Pier is a Harbor-compatible framework for evaluating coding agents in sandboxed environments. It reads Harbor's task format and runs trials against it.
pier run -p path/to/task --agent claude-code --env modalPier is a fork. We wanted a smaller, more opinionated base to build on. On top of Harbor, Pier adds:
- Installed agents in air-gapped tasks (
allow_internet = false). When the agent runs inside the sandbox (Claude Code, Codex, etc.), both the install step and the inference call need the network. Pier lets agents declare their install scripts and a network allowlist, whichdockerandmodalenvironments honor when setting up the sandbox. - Augmented ATIF v1.7. Strict one step per API turn, strict reasoning vs agent message separation, no fabricated assistant text,
peak_context_tokens,summarization_count,llm_call_count, real upstream timestamps. - A chat-style trajectory viewer (
pier view). pier critique runfor inspecting completed trials with a fresh agent in a fresh sandbox.

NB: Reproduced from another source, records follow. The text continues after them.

(* Let $r\ge 3$ and $n \ge \frac{(r-1)(2r+1)}{2}$ be integers. If $\mathcal{H}$ is an $n$-vertex $r$-graph that is $\mathrm{T}_r$-free and satisfies $\delta_{r-1}^{+}(\mathcal{H}) > \frac{2n}{2r+1}$, then $\mathcal{H}$ is $r$-partite.
   Context: An $r$-graph $\mathcal{H}$ is a collection of $r$-subsets (edges) of a finite vertex set $V(\mathcal{H})$. The shadow is $\partial\mathcal{H}=\{e\in\binom{V(\mathcal{H})}{r-1}\colon e\subseteq E \text{ for some } E\in\mathcal{H}\}$. For $e\in\partial\mathcal{H}$, $N_{\mathcal{H}}(e)=\{v\in V(\mathcal{H})\colon e\cup\{v\}\in\mathcal{H}\}$. The minimum positive codegree is $\delta_{r-1}^{+}(\mathcal{H})=\min\{|N_{\mathcal{H}}(e)|\colon e\in\partial\mathcal{H}\}$. The $r$-uniform generalized triangle is $\mathrm{T}_r=\{\{1,\ldots,r-1,r\},\{1,\ldots,r-1,r+1\},\{r,r+1,\ldots,2r-1\}\}$; $\mathcal{H}$ is $\mathrm{T}_r$-free if it contains no subhypergraph isomorphic to $\mathrm{T}_r$. $\mathcal{H}$ is $r$-partite if $V(\mathcal{H})$ can be partitioned into $r$ parts $V_1,\dots,V_r$ such that every edge contains exactly one vertex from each part. *)

From mathcomp Require Import all_boot.
Set Implicit Arguments. Unset Strict Implicit. Unset Printing Implicit Defensive.

Definition is_rgraph (T : finType) (r : nat) (H : {set {set T}}) : Prop :=
  forall E, E \in H -> #|E| = r.

Definition shadow (T : finType) (r : nat) (H : {set {set T}}) : {set {set T}} :=
  [set e : {set T} | (#|e| == r.-1) && [exists E in H, e \subset E]].

Definition nbhd (T : finType) (H : {set {set T}}) (e : {set T}) : {set T} :=
  [set v | v |: e \in H].

(* δ^+_{r-1}(H) > 2n/(2r+1), written without division:
   every e in the shadow has (2r+1)|N(e)| > 2n. *)
Definition min_pos_codeg_gt (T : finType) (r : nat) (H : {set {set T}}) : Prop :=
  forall e, e \in shadow r H -> 2 * #|T| < (2 * r + 1) * #|nbhd H e|.

(* Generalized triangle T_r on vertex set 'I_(2r-1) (0-indexed):
   {0,..,r-2, r-1}, {0,..,r-2, r}, {r-1, r, ..., 2r-2}. *)
Definition Tr_edge1 (r : nat) : {set 'I_(2 * r - 1)} :=
  [set i : 'I_(2 * r - 1) | i <= r - 1].
Definition Tr_edge2 (r : nat) : {set 'I_(2 * r - 1)} :=
  [set i : 'I_(2 * r - 1) | (i < r - 1) || (i == r :> nat)].
Definition Tr_edge3 (r : nat) : {set 'I_(2 * r - 1)} :=
  [set i : 'I_(2 * r - 1) | r - 1 <= i].

Definition contains_Tr (T : finType) (r : nat) (H : {set {set T}}) : Prop :=
  exists f : 'I_(2 * r - 1) -> T, injective f /\
    f @: Tr_edge1 r \in H /\ f @: Tr_edge2 r \in H /\ f @: Tr_edge3 r \in H.

Definition Tr_free (T : finType) (r : nat) (H : {set {set T}}) : Prop :=
  ~ contains_Tr r H.

Definition r_partite (T : finType) (r : nat) (H : {set {set T}}) : Prop :=
  exists p : T -> 'I_r,
    forall E, E \in H -> forall i : 'I_r, #|[set v in E | p v == i]| = 1.

(* In a T_r-free r-graph where every (r-1)-set C of the shadow has at least r
   neighbours, no edge contains two neighbours of the same C: repeatedly
   exchanging a vertex of the edge lying in C for a neighbour of the remaining
   (r-1)-set outside C keeps those two neighbours, and once the edge misses C
   the two edges through C together with it form a copy of T_r.  Hence for an
   edge G the neighbourhoods N(G \ v), v in G, are pairwise disjoint, and the
   codegree bound makes their union exceed r/(2r+1) of the vertex set; so the
   unions for any two edges and any N(C) share a vertex.  Fixing an edge E0,
   this gives every shadow set C a unique colour v in E0 such that N(C) meets
   N(E0 \ v); the colour of F \ z does not depend on the edge F through z, and
   the colours of the vertices of any edge are exactly E0. *)

From mathcomp Require Import all_boot zify.
Set Implicit Arguments. Unset Strict Implicit. Unset Printing Implicit Defensive.

Lemma imset_nth_ord (T : finType) (x0 : T) (s : seq T) (m : nat) (P : pred nat) :
  uniq s -> size s = m ->
  (fun i : 'I_m => nth x0 s i) @: [set i : 'I_m | P i] = [set x in s | P (index x s)].
Proof.
move=> uniq_s size_s; apply/setP => x; rewrite inE; apply/imsetP/andP.
- case=> i; rewrite inE => Pi ->.
  by rewrite mem_nth ?index_uniq ?size_s.
- case=> xs Px; have lt_xm : index x s < m by rewrite -size_s index_mem.
  by exists (Ordinal lt_xm); rewrite ?inE ?nth_index.
Qed.

Lemma nth_ord_inj (T : eqType) (x0 : T) (s : seq T) (m : nat) :
  uniq s -> size s = m -> injective (fun i : 'I_m => nth x0 s i).
Proof.
move=> uniq_s size_s i j /eqP; rewrite nth_uniq ?size_s // => /eqP; exact: val_inj.
Qed.

Lemma three_sets_meet (T : finType) (A B C : {set T}) :
  2 * #|T| < #|A| + #|B| + #|C| -> exists x, x \in A :&: B :&: C.
Proof.
move=> large; apply/set0Pn; rewrite -card_gt0.
have := cardsUI A B; have := cardsUI (A :&: B) C.
have := max_card (A :|: B); have := max_card (A :&: B :|: C); lia.
Qed.

Lemma card_bigcup_disjoint (I T : finType) (A : {set I}) (F : I -> {set T}) :
  {in A &, forall i j, i != j -> [disjoint F i & F j]} ->
  #|\bigcup_(i in A) F i| = \sum_(i in A) #|F i|.
Proof.
elim: {A}_.+1 {-2}A (ltnSn #|A|) => // m IHm A lt_Am disjF.
have [->|[i iA]] := set_0Vmem A; first by rewrite !big_set0 cards0.
rewrite (big_setD1 i iA) (big_setD1 i iA) /= -IHm; first last.
- by move=> j k /setD1P[_ jA] /setD1P[_ kA]; apply: disjF.
- by rewrite (cardsD1 i A) iA in lt_Am.
apply/eqP; rewrite (leq_card_setU _ _).2; apply: bigcup_disjoint => j /setD1P[ji jA].
by apply: disjF; rewrite // eq_sym.
Qed.

Section TrSeq.
Variables (T : finType) (C F : {set T}) (u w : T).
Hypotheses (uC : u \notin C) (wC : w \notin C) (uw : u != w) (uF : u \in F) (wF : w \in F)
  (disjFC : [disjoint F & C]).

(* Positions 0..|C|-1 hold C, then u and w, then the rest of F: read through
   [index], the three edges of T_r become u |: C, w |: C and F. *)
Definition Tr_seq : seq T := enum C ++ u :: w :: enum (F :\ u :\ w).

- Task format: Harbor-compatible.
- Environments:
docker,modal. Per-agent install specs and network allowlists are honored on both, so installed agents work underallow_internet = false. - Agents:
nop,oracle,claude-code,codex,cursor-cli,gemini-cli,opencode,mini-swe-agent. All emit augmented ATIF v1.7. - Datasets: local Harbor-format task directories via
-p/--path. - CLI:
pier run,pier job,pier view,pier critique run,pier check/pier analyze(vendored from Harbor)
Pier does not currently resolve or download Harbor registry datasets directly.
uv tool install datacurve-pier
# or
pip install datacurve-pierexport ANTHROPIC_API_KEY=...
pier run -p path/to/task --agent claude-code --env modal --env-file .envRun a local dataset, optionally a deterministic random subset:
pier run -p path/to/dataset --agent claude-code --env modal
pier run -p path/to/dataset --n-tasks 10 --sample-seed 0To use a Harbor registry dataset, download it with Harbor first, then point Pier at it:
uv run --directory ~/code/harbor harbor download swebenchpro -o ~/code/pier/datasets
uv run pier run -p datasets/swebenchpro --n-tasks 10 --sample-seed 0Trials land under jobs/<timestamp_or_name>/<trial_id>/. See pier run --help, pier job --help, pier critique --help, and pier view --help for everything else.
Use agent.model_name for trial metadata, agent.env for runtime env vars, and agent-specific kwargs for tool config. Pier's network allowlist also reads URLs out of those configs (Codex config_toml, OpenCode opencode_config, mini-swe config_yaml), so any base URL you set is allowlisted without code changes.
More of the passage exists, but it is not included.